• What you need to do:
Go through the listing beneath and show each line containing the string "edge".

• Input data:

Lemma adj_hdist w v x : adj w v x -> hdist v x = 1%N.
Proof. by move=> /existsP [i /andP [/eqP -> _]]; exact: hdist_flip. Qed.

Lemma NpS_sum_Np w (S : {set vert d}) :
  [forall u in S, forall v in S, (u != v) ==> ~~ two_nbr u v] ->
  NpS w S = (\sum_(v in S) Np w v)%N.
Proof.
move=> no2.
have adj_uniq x u v : u \in S -> v \in S -> adj w u x -> adj w v x -> u = v.
  move=> uS vS ux vx; apply/eqP/negPn/negP => uv.
  have nbr : two_nbr u v by apply/existsP; exists x; rewrite (adj_hdist ux) (adj_hdist vx).
  by move/forallP/(_ u): no2; rewrite uS => /forallP/(_ v); rewrite vS uv nbr.
rewrite /NpS /Np; under eq_bigr => v _ do rewrite -sum1_card big_mkcond /=.
rewrite exchange_big /= -sum1_card [in LHS]big_mkcond /=.
apply: eq_bigr => x _; rewrite inE; case: existsP => [[v /andP [vS vx]]|nadj].
- rewrite (bigD1 v) //= inE vx big1 ?addn0 // => u /andP [uS uv].
  rewrite inE; case: ifP => // ux.
  by rewrite (adj_uniq x u v uS vS ux vx) eqxx in uv.
- rewrite big1 // => v vS; rewrite inE; case: ifP => // vx.
  by case: nadj; exists v; rewrite vS.
Qed.

Lemma card_vert : #|{: vert d}| = (2 ^ d)%N.
Proof. by rewrite card_ffun card_bool card_ord. Qed.

Lemma card_side b : (0 < d)%N -> (#|side d b| * 2 = 2 ^ d)%N.
Proof.
move=> d0; pose i0 : 'I_d := Ordinal d0.
have card_side_negb : #|side d (~~ b)| = #|side d b|.
  rewrite -(card_imset (side d b) (@flip_inj i0)); apply: eq_card => u.
  apply/idP/imsetP => [| [v vs ->]]; last by rewrite side_negb side_flip negbK.
  by rewrite side_negb => us; exists (flip u i0); rewrite ?flipK // side_flip.
rewrite -card_vert -(cardC (side d b)) muln2 -addnn; congr (_ + _)%N.
by rewrite -card_side_negb; apply: eq_card => u; rewrite side_negb.
Qed.

End Hypercube.

Section Expectation.
Variables (R : realType) (d : nat) (p : R).
Hypotheses (p_ge0 : 0 <= p) (p_le1 : p <= 1).
Implicit Types (w : {set edge d}) (f g : {set edge d} -> R).

Definition Ex f : R := \sum_(w : {set edge d} | w \subset cube_edges d) eweight p w * f w.

Lemma eweight_ge0 w : 0 <= eweight p w.
Proof. by rewrite mulr_ge0 // exprn_ge0 // subr_ge0. Qed.

Lemma eq_Ex f g : f =1 g -> Ex f = Ex g.
Proof. by move=> fg; apply: eq_bigr => w _; rewrite fg. Qed.

Lemma ExD f g : Ex (fun w => f w + g w) = Ex f + Ex g.
Proof. by rewrite -big_split; apply: eq_bigr => w _; rewrite mulrDr. Qed.

Lemma ExZ c f : Ex (fun w => c * f w) = c * Ex f.
Proof. by rewrite big_distrr; apply: eq_bigr => w _; rewrite mulrCA. Qed.

Lemma Ex_sum (I : finType) (P : pred I) (F : I -> {set edge d} -> R) :
  Ex (fun w => \sum_(i | P i) F i w) = \sum_(i | P i) Ex (F i).
Proof.
rewrite /Ex exchange_big; apply: eq_bigr => w _.
by rewrite big_distrr.
Qed.
Lemma circles_meet (tx ty L W L' : R) :
  tx ^+ 2 + ty ^+ 2 = L ^+ 2 -> 0 <= L -> 0 <= W -> 0 <= L' ->
  L - W <= L' -> W - L <= L' -> L' <= L + W ->
  exists ux uy, ux ^+ 2 + uy ^+ 2 = 1 /\
    (tx - W * ux) ^+ 2 + (ty - W * uy) ^+ 2 = L' ^+ 2.
Proof.
move=> tL L0 W0 L'0 h1 h2 h3.
have [W_eq0|Wn0] := eqVneq W 0.
  exists 1, 0; split; first ring.
  by rewrite W_eq0 !mul0r !subr0 tL; congr (_ ^+ 2); lra.
have [L_eq0|Ln0] := eqVneq L 0.
  have tx0 : tx = 0 by rewrite L_eq0 in tL; nra.
  have ty0 : ty = 0 by rewrite L_eq0 in tL; nra.
  exists 1, 0; split; first ring.
  have -> : L' = W by lra.
  by rewrite tx0 ty0; ring.
have Wp : 0 < W by rewrite lt_def Wn0.
have Lp : 0 < L by rewrite lt_def Ln0.
(* [u] has component [k / L] along [t] and [r / L] orthogonal to it, where
   [k] comes from the law of cosines in the triangle with sides [L, W, L']. *)
pose k := (L ^+ 2 + W ^+ 2 - L' ^+ 2) / (2 * W).
have ek : k * (2 * W) = L ^+ 2 + W ^+ 2 - L' ^+ 2 by rewrite /k; field; lra.
have k_le : k ^+ 2 <= L ^+ 2.
  have : k <= L by nra.
  have : - L <= k by nra.
  nra.
pose r := Num.sqrt (L ^+ 2 - k ^+ 2).
have r2 : r ^+ 2 = L ^+ 2 - k ^+ 2 by rewrite sqr_sqrtr // subr_ge0.
exists ((k * tx - r * ty) / L ^+ 2), ((k * ty + r * tx) / L ^+ 2); split.
  have -> : ((k * tx - r * ty) / L ^+ 2) ^+ 2 + ((k * ty + r * tx) / L ^+ 2) ^+ 2
            = (k ^+ 2 + r ^+ 2) * (tx ^+ 2 + ty ^+ 2) / (L ^+ 2) ^+ 2
    by field.
  by rewrite r2 tL; field.
have -> : (tx - W * ((k * tx - r * ty) / L ^+ 2)) ^+ 2
            + (ty - W * ((k * ty + r * tx) / L ^+ 2)) ^+ 2
          = (tx ^+ 2 + ty ^+ 2) * (1 - k * (2 * W) / L ^+ 2
              + W ^+ 2 * (k ^+ 2 + r ^+ 2) / (L ^+ 2) ^+ 2)
  by field.
by rewrite r2 tL ek; field.
Qed.
Lemma level_le1 m : m <= 1 -> level m = 0.
Proof. by case: m => [|[|]]. Qed.

Lemma level_leS m l : m < 3 * l -> level m <= (level l).+1.
Proof.
move=> lt_ml; have l_gt0 : 0 < l by lia.
have : trunc_log 2 m <= (trunc_log 2 l).+2.
  rewrite -!trunc_log2_double ?double_gt0 //; apply: leq_trunc_log; rewrite -!mul2n; lia.
rewrite /level; lia.
Qed.

Lemma exp_level_leq m : 0 < m -> 8 ^ level m <= m.
Proof.
move=> m_gt0; apply: leq_trans (trunc_logP (isT : 1 < 2) m_gt0).
by rewrite (_ : 8 = 2 ^ 3) // -expnM leq_exp2l // /level; lia.
Qed.

Lemma bin_mul_exp2_leq n j K : 4 ^ K <= n -> 'C(n, j) * 2 ^ K <= 2 ^ n.
Proof.
have sq2 k : (2 ^ k) ^ 2 = 4 ^ k by rewrite -expnM mulnC expnM.
move=> le_Kn; rewrite -leq_sqr expnMn !sq2.
by apply: leq_trans (bin_sq_leq n j); rewrite leq_mul2l (leq_trans le_Kn) ?orbT.
Qed.

(* At level m = K.+1 the context has a part of length at least 4^K, whose binomial
   coefficient saves the factor 2^K >= gap m / gap l. *)
Lemma gap_split o l r m ja jb : o + l + r = m -> m < 3 * l -> 3 * l <= 2 * m ->
  'C(o, ja) * 'C(r, jb) * gap m <= gap l * 2 ^ (o + r).
Proof.
move=> sum_m lt_ml le_lm; have := level_leS lt_ml; rewrite /gap.
case Km : (level m) => [|K] le_K.
  rewrite bin0n /= muln1 expnD; apply: leq_trans _ (leq_pmull _ (gap_gt0 l)).
  exact: leq_mul (bin_leq_exp2 _ _) (bin_leq_exp2 _ _).
have gap_m : 2 ^ 'C(K.+1, 2) <= 2 ^ 'C(level l, 2) * 2 ^ K.
  by rewrite -expnD leq_exp2l // binS bin1 leq_add2r leq_bin2l //; lia.
have big : 4 ^ K <= maxn o r.
  have m8 : 8 ^ K.+1 <= m by rewrite -Km; apply: exp_level_leq; lia.
  have : 4 ^ K <= 8 ^ K by rewrite (_ : 8 = 4 * 2) // expnMn leq_pmulr ?expn_gt0.
  rewrite expnS in m8; lia.
apply: leq_trans (leq_mul (leqnn _) gap_m) _.
rewrite mulnCA leq_mul2l expnD; apply/orP; right.
case: (leqP r o) => [le_ro|lt_or].
  rewrite mulnAC; apply: leq_mul (bin_mul_exp2_leq _ _) (bin_leq_exp2 _ _).
  by rewrite (maxn_idPl le_ro) in big.
rewrite -mulnA; apply: leq_mul (bin_leq_exp2 _ _) (bin_mul_exp2_leq _ _).
by rewrite (maxn_idPr (ltnW lt_or)) in big.
Qed.

Lemma nwords_level0 (A X B : pred (seq bool)) o l r m :
  o + l + r = m -> level m = 0 -> nwords A o * nwords X l * nwords B r * gap m <= 2 ^ m.
Proof.
move=> <- lvl0; rewrite /gap lvl0 bin0n /= muln1 !expnD.
by do 2?apply: leq_mul; apply: nwords_max.
Qed.

Lemma rsize_gt0 r : 0 < rsize r.
Proof. by case: r. Qed.

Section InductionStep.

Variable m : nat.
Hypothesis IHm : forall l x j, l < m -> uniform (rmatch x) l j ->
  nwords (rmatch x) l * gap l <= rsize x * 2 ^ l.

Lemma balanced_bound (A B : pred (seq bool)) x o l r ja jx jb :
  uniform A o ja -> uniform (rmatch x) l jx -> uniform B r jb ->
  o + l + r = m -> m < 3 * l -> 3 * l <= 2 * m ->
  nwords A o * nwords (rmatch x) l * nwords B r * gap m <= rsize x * 2 ^ m.
Proof.
move=> uA ux uB sum_m lt_ml le_lm; have lt_lm : l < m by lia.
rewrite (_ : _ * _ * _ * _ = nwords (rmatch x) l * (nwords A o * nwords B r * gap m));
  last by ring.
apply: (@leq_trans (nwords (rmatch x) l * (gap l * 2 ^ (o + r)))).
  rewrite leq_mul2l; apply/orP; right; apply: leq_trans (gap_split ja jb sum_m lt_ml le_lm).
  by rewrite leq_mul2r leq_mul ?nwords_uniform ?orbT.
rewrite mulnA (_ : m = l + (o + r)); last by lia.
by rewrite [2 ^ (l + _)]expnD mulnA leq_mul2r (IHm lt_lm ux) orbT.
Qed.

Definition bounded_in_context x := forall (A B : pred (seq bool)) o l r ja jx jb,
  uniform A o ja -> uniform (rmatch x) l jx -> uniform B r jb ->
  o + l + r = m -> 2 * m < 3 * l ->
  nwords A o * nwords (rmatch x) l * nwords B r * gap m <= rsize x * 2 ^ m.

Lemma bounded_in_context_gt_third x (A B : pred (seq bool)) o l r ja jx jb :
  bounded_in_context x ->
  uniform A o ja -> uniform (rmatch x) l jx -> uniform B r jb ->
  o + l + r = m -> m < 3 * l ->
  nwords A o * nwords (rmatch x) l * nwords B r * gap m <= rsize x * 2 ^ m.
Proof.
move=> bx uA ux uB sum_m lt_ml.
case: (ltnP (2 * m) (3 * l)) => [lt2_ml|le_lm]; first exact: bx uA ux uB sum_m lt2_ml.
exact: balanced_bound uA ux uB sum_m lt_ml le_lm.
Qed.

Lemma context_bound x : bounded_in_context x.
Proof.
elim: x => [|b|x1 IH1 x2 IH2|x1 IH1 x2 IH2] A B o l r ja jx jb uA ux uB sum_m lt_ml.
- by have [/= l0 _] := ux [::] (eqxx _); lia.
- have [/= l1 _] := ux [:: b] (eqxx _).
  by rewrite mul1n; apply: nwords_level0 sum_m (level_le1 _); lia.
- have u1 : uniform (rmatch x1) l jx by move=> w m1; apply: ux; rewrite /= m1.
  have u2 : uniform (rmatch x2) l jx by move=> w m2; apply: ux; rewrite /= m2 orbT.
  apply: leq_trans (_ : nwords A o * (nwords (rmatch x1) l + nwords (rmatch x2) l) *
                        nwords B r * gap m <= _).
    by rewrite !leq_mul2r leq_mul2l nwords_union !orbT.
  rewrite mulnDr !mulnDl.
  apply: leq_trans (leq_add (IH1 _ _ _ _ _ _ _ _ uA u1 uB sum_m lt_ml)
                            (IH2 _ _ _ _ _ _ _ _ uA u2 uB sum_m lt_ml)) _.
  by rewrite -mulnDl leq_mul2r /=; lia.
- have [l1 [l2 [j1 [j2 [sum_l u1 u2]]]]] := uniform_concat ux.
  rewrite -sum_l (nwords_concat _ _ u1) mulnA.
  apply: leq_trans (_ : maxn (rsize x1) (rsize x2) * 2 ^ m <= _); last first.
    by rewrite leq_pmul2r ?expn_gt0 //= geq_max; lia.
  (* descend into the longer factor, the other one joins the context *)
  case: (leqP l2 l1) => [le21|lt12].
    rewrite -(mulnA _ (nwords (rmatch x2) l2)) -(nwords_catpred l2 r (rmatch x2) B).
    apply: leq_trans (bounded_in_context_gt_third IH1 uA u1 (uniform_catpred u2 uB) _ _) _;
      [lia | lia | by rewrite leq_mul2r leq_maxl orbT].
  rewrite -(nwords_catpred o l1 A (rmatch x1)).
  apply: leq_trans (bounded_in_context_gt_third IH2 (uniform_catpred uA u1) u2 uB _ _) _;
    [lia | lia | by rewrite leq_mul2r leq_maxr orbT].
Qed.

End InductionStep.

Lemma nwords_rmatch_bound m x j : uniform (rmatch x) m j ->
  nwords (rmatch x) m * gap m <= rsize x * 2 ^ m.
Proof.
elim/ltn_ind: m x j => m IHm x j ux.
have u0 : uniform (pred1 [::]) 0 0 by move=> w /eqP->.
have := @context_bound m (fun l x j lt => IHm l lt x j) x _ _ 0 m 0 0 j 0 u0 ux u0.
rewrite (_ : nwords (pred1 [::]) 0 = 1) // mul1n muln1 add0n addn0.
case: (posnP m) => [m0|m_gt0]; last by apply; lia.
move=> _; rewrite m0 /gap level_le1 // muln1 expn0 muln1.
exact: leq_trans (nwords_max _ 0) (rsize_gt0 x).
Qed.

(** * Dyck words and the cycle lemma *)

Fixpoint height (h : nat) (w : seq bool) : option nat :=
  match w with
  | [::] => Some h
  | b :: w' => if b then (if h is h'.+1 then height h' w' else None) else height h.+1 w'
  end.

Definition balanced (w : seq bool) := height 0 w == Some 0.

Lemma height_cat h u v : height h (u ++ v) = obind (height^~ v) (height h u).
Proof. by elim: u h => [|[] u IH] [|h] //=. Qed.

Lemma height_addn h c w e : height h w = Some e -> height (h + c) w = Some (e + c).
Proof. by elim: w h => [|[] w IH] [|h] //= => [[->]|[->]|/IH|/IH|/IH]. Qed.

Lemma height_split h w e : height h.+1 w = Some e -> e <= h ->
  exists u v, [/\ w = u ++ true :: v, balanced u & height h v = Some e].
Proof.
have [n] := ubnP (size w); elim: n w h => // n IH [|b w] h //=; first by move=> _ [<-]; lia.
rewrite ltnS => size_w; case: b => [hw|].
  by exists [::], w.
move=> hw le_eh; have [u1 [v1 [eq_w bal_u1 hv1]]] := IH w h.+1 size_w hw (leqW le_eh).
have size_v1 : size v1 < n by move: size_w; rewrite eq_w size_cat /=; lia.
have [u2 [v2 [eq_v1 bal_u2 hv2]]] := IH v1 h size_v1 hv1 le_eh.
exists (false :: u1 ++ true :: u2), v2; split=> //; first by rewrite eq_w eq_v1 /= -catA.
by rewrite /balanced /= height_cat (height_addn 1 (eqP bal_u1)) /=.
Qed.

Lemma dyck_balanced w : balanced w -> dyck w.
Proof.
have [n] := ubnP (size w); elim: n w => // n IH [|[] w] /=; rewrite ?ltnS => size_w hw //.
  exact: dyck_nil.
have [u [v [eq_w bal_u hv]]] := height_split (eqP hw) (leqnn 0).
have [size_u size_v] : size u < n /\ size v < n.
  by move: size_w; rewrite eq_w size_cat /=; lia.
rewrite eq_w (_ : false :: _ = app (app [:: false] (app u [:: true])) v); last first.
  by rewrite !appE /= -catA.
by apply: dyck_cat; [apply/dyck_wrap/IH | apply: IH; rewrite /balanced ?hv].
Qed.

Lemma dyck_ones w : dyck w -> (ones w).*2 = size w.
Proof. by elim=> //= [v w' _ IHv _ IHw|w' _ IHw]; rewrite appE ones_cat size_cat /=; lia. Qed.

Lemma height_prefix h w : (forall k, (ones (take k w)).*2 <= h + size (take k w)) ->
  height h w = Some (h + size w - (ones w).*2).
Proof.
elim: w h => [|b w IH] h prefix /=; first by rewrite addn0 subn0.
have prefix' k : (b + ones (take k w)).*2 <= h + (size (take k w)).+1 := prefix k.+1.
case: b {prefix} prefix' => prefix'; last first.
  by rewrite IH => [|k]; [congr Some; lia | have := prefix' k; lia].
case: h prefix' => [|h] prefix'; first by have := prefix' 0; rewrite take0.
by rewrite IH => [|k]; [congr Some; lia | have := prefix' k; lia].
Qed.

Lemma ones_rot i w : ones (rot i w) = ones w.
Proof. by rewrite /rot ones_cat addnC -ones_cat cat_take_drop. Qed.

Lemma balanced_rot w : (ones w).*2 = size w -> exists2 i, i <= size w & balanced (rot i w).
Proof.
(* Cycle lemma: cut after a prefix maximizing twice its number of ones minus its length. *)
move=> ones_w; pose F j := (ones (take j w)).*2 + (size w - j).
have [i le_iw imax] : exists2 i, i <= size w & forall j, j <= size w -> F j <= F i.
  have [i _ imax] := @arg_maxnP _ (ord0 : 'I_(size w).+1) xpredT F isT.
  exists i => [|j le_jw]; first by rewrite -ltnS.
  have lt_j : j < (size w).+1 by rewrite ltnS.
  by have := imax (Ordinal lt_j) isT.
have ones_i : ones (take i w) + ones (drop i w) = ones w by rewrite -ones_cat cat_take_drop.
exists i => //; rewrite /balanced height_prefix => [|k].
  by rewrite size_rot ones_rot ones_w subnn.
rewrite /rot take_cat size_drop; case: ltnP => [lt_k|ge_k].
  have := imax (i + k); rewrite /F takeD ones_cat size_takel ?size_drop; lia.
rewrite -take_min ones_cat size_cat size_drop size_takel; last by lia.
have := imax (minn (k - (size w - i)) i); rewrite /F; lia.
Qed.

Lemma nwords_rot (P : pred (seq bool)) i n : nwords (fun w => P (rot i w)) n = nwords P n.
Proof.
rewrite /nwords -(count_map (rot i) P); apply/permP; apply: uniq_perm.
- by rewrite (map_inj_uniq (@rot_inj i _)) uniq_words.
- exact: uniq_words.
- move=> w; rewrite -{1}(rotrK i w) (mem_map (@rot_inj i _)) !mem_words size_rotr //.
Qed.

Lemma count_has_leq (I T : Type) (P : I -> pred T) (s : seq I) (l : seq T) c :
  (forall i, count (P i) l = c) -> count (fun x => has (P^~ x) s) l <= size s * c.
Proof.
move=> cnt_P; elim: s => [|i s IH] /=; first by rewrite count_pred0.
rewrite mulSn -{1}(cnt_P i); apply: leq_trans (leq_add (leqnn _) IH).
by rewrite -count_predUI leq_addr.
Qed.

Lemma nwords_balanced_geq n : 4 ^ n <= n.*2.+1 ^ 2 * nwords balanced n.*2.
Proof.
have bin : 'C(n.*2, n) <= n.*2.+1 * nwords balanced n.*2.
  rewrite -nwords_ones -(size_iota 0 n.*2.+1).
  apply: leq_trans _ (@count_has_leq _ _ (fun i w => balanced (rot i w)) _ (words n.*2) _
                    (fun i => nwords_rot _ i _)).
  apply: sub_nwords => w size_w /eqP ones_w.
  have [|i le_i bal] := @balanced_rot w; first by rewrite ones_w size_w.
  by apply/hasP; exists i; rewrite // mem_iota; lia.
apply: leq_trans (bin_central_geq n) _.
by rewrite (expnS _ 1) expn1 -mulnA mulnC leq_mul2l bin orbT.
Qed.

Lemma dyck_regex_gap n r : describes r (D2n n) -> gap n.*2 <= n.*2.+1 ^ 2 * rsize r.
Proof.
move=> desc.
have unif : uniform (rmatch r) n.*2 n.
  by move=> w /rmatchP/desc[/dyck_ones ones_w]; rewrite lengthE; lia.
have sub_r : nwords balanced n.*2 <= nwords (rmatch r) n.*2.
  apply: sub_nwords => w size_w /dyck_balanced dyck_w; apply/rmatchP/desc.
  by split; rewrite // lengthE size_w; lia.
have count_r : nwords balanced n.*2 * gap n.*2 <= rsize r * 4 ^ n.
  apply: leq_trans (leq_mul sub_r (leqnn _)) _.
  by rewrite (_ : 4 = 2 ^ 2) // -expnM mul2n (nwords_rmatch_bound unif).
rewrite -(@leq_pmul2r (4 ^ n)) ?expn_gt0 // mulnC.
apply: leq_trans (leq_mul (nwords_balanced_geq n) (leqnn (gap n.*2))) _.
by rewrite -mulnA -(mulnA (_ ^ 2)) leq_mul2l count_r orbT.
Qed.

(** * Asymptotics *)

Lemma sq_leq_bin2_third t : 100 <= t -> t.+1 ^ 2 + 100 * (2 * t + 4) <= 100 * 'C(t.+1 %/ 3, 2).
Proof. by move=> t100; rewrite bin2; nia. Qed.

Lemma dyck_regex_exp2 n r : 2 ^ 100 <= n -> describes r (D2n n) ->
  2 ^ ((trunc_log 2 n).+1 ^ 2) <= rsize r ^ 100.
Proof.
move=> le_n desc; have n_gt0 : 0 < n by apply: leq_trans le_n; rewrite expn_gt0.
set t := trunc_log 2 n; have t100 : 100 <= t by apply: trunc_log_max.
have := dyck_regex_gap desc; rewrite /gap /level trunc_log2_double // -/t => gap_n.
have sq : n.*2.+1 ^ 2 <= 2 ^ (2 * t + 4).
  have : n.*2.+1 <= 2 ^ t.+2.
    by have := @trunc_log_ltn 2 n isT; rewrite -/t [2 ^ t.+2]expnS; lia.
  by rewrite -leq_sqr -expnM (_ : t.+2 * 2 = 2 * t + 4) //; lia.
rewrite -(@leq_pmul2r (2 ^ (100 * (2 * t + 4)))) ?expn_gt0 // -expnD.
have -> : rsize r ^ 100 * 2 ^ (100 * (2 * t + 4)) = (2 ^ (2 * t + 4) * rsize r) ^ 100.
  by rewrite expnMn -expnM mulnC (mulnC 100).
apply: leq_trans (leq_pexp2l (isT : 0 < 2) (sq_leq_bin2_third t100)) _.
rewrite mulnC expnM leq_exp2r //; apply: leq_trans gap_n _.
by rewrite leq_mul2r sq orbT.
Qed.

Lemma INR_expn a k : INR (a ^ k) = (INR a ^ k)%R.
Proof. by elim: k => // k IH; rewrite expnS mult_INR IH. Qed.

Local Open Scope R_scope.

Lemma ln_le x y : 0 < x -> x <= y -> ln x <= ln y.
Proof. by move=> x_gt0 [/(ln_increasing _ _ x_gt0)/Rlt_le | ->]; [|apply: Rle_refl]. Qed.

Lemma Rpower_ln_leq (n m s : nat) :
  (0 < n)%N -> (n <= 2 ^ s)%N -> (2 ^ (s ^ 2) <= m ^ 100)%N ->
  Rpower (INR n) (1 / 100 * ln (INR n)) <= INR m.
Proof.
have INR2 : INR 2 = 2 by rewrite /=; lra.
move=> /leP/le_INR /= n_ge1 /leP/le_INR n_le /leP/le_INR m_ge.
rewrite INR_expn INR2 in n_le; rewrite !INR_expn INR2 in m_ge.
have pow2_gt0 k : 0 < 2 ^ k by apply: pow_lt; lra.
have m_gt0 : 0 < INR m.
  case: m m_ge => [|m'] m_ge; last by apply: lt_0_INR; lia.
  by have := pow2_gt0 (s ^ 2)%N; rewrite pow_i in m_ge; [lra | lia].
have ln2_le1 : ln 2 <= 1.
  by rewrite -(ln_exp 1); apply: ln_le; [lra | have := exp_ineq1 1 R1_neq_R0; lra].
have ln2_gt0 : 0 < ln 2 by have := ln_lt_2; lra.
have lnn_ge0 : 0 <= ln (INR n) by rewrite -ln_1; apply: ln_le; lra.
have lnn_le : ln (INR n) <= INR s * ln 2 by rewrite -ln_pow; [apply: ln_le|]; lra.
have lnm_ge : INR (s ^ 2) * ln 2 <= INR 100 * ln (INR m).
  by rewrite -!ln_pow; try lra; apply: ln_le; [apply: pow2_gt0 | exact: m_ge].
rewrite INR_expn (_ : INR 100 = 100) in lnm_ge; last by rewrite INR_IZR_INZ.
rewrite /Rpower -[X in _ <= X](exp_ln _ m_gt0).
have key : 1 / 100 * ln (INR n) * ln (INR n) <= ln (INR m) by nra.
by case: (Rle_lt_or_eq_dec _ _ key) => [/exp_increasing/Rlt_le|->]; [|apply: Rle_refl].
Qed.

• Answer:
Implicit Types (w : {set edge d}) (f g : {set edge d} -> R).
Definition Ex f : R := \sum_(w : {set edge d} | w \subset cube_edges d) eweight p w * f w.
Lemma Ex_sum (I : finType) (P : pred I) (F : I -> {set edge d} -> R) :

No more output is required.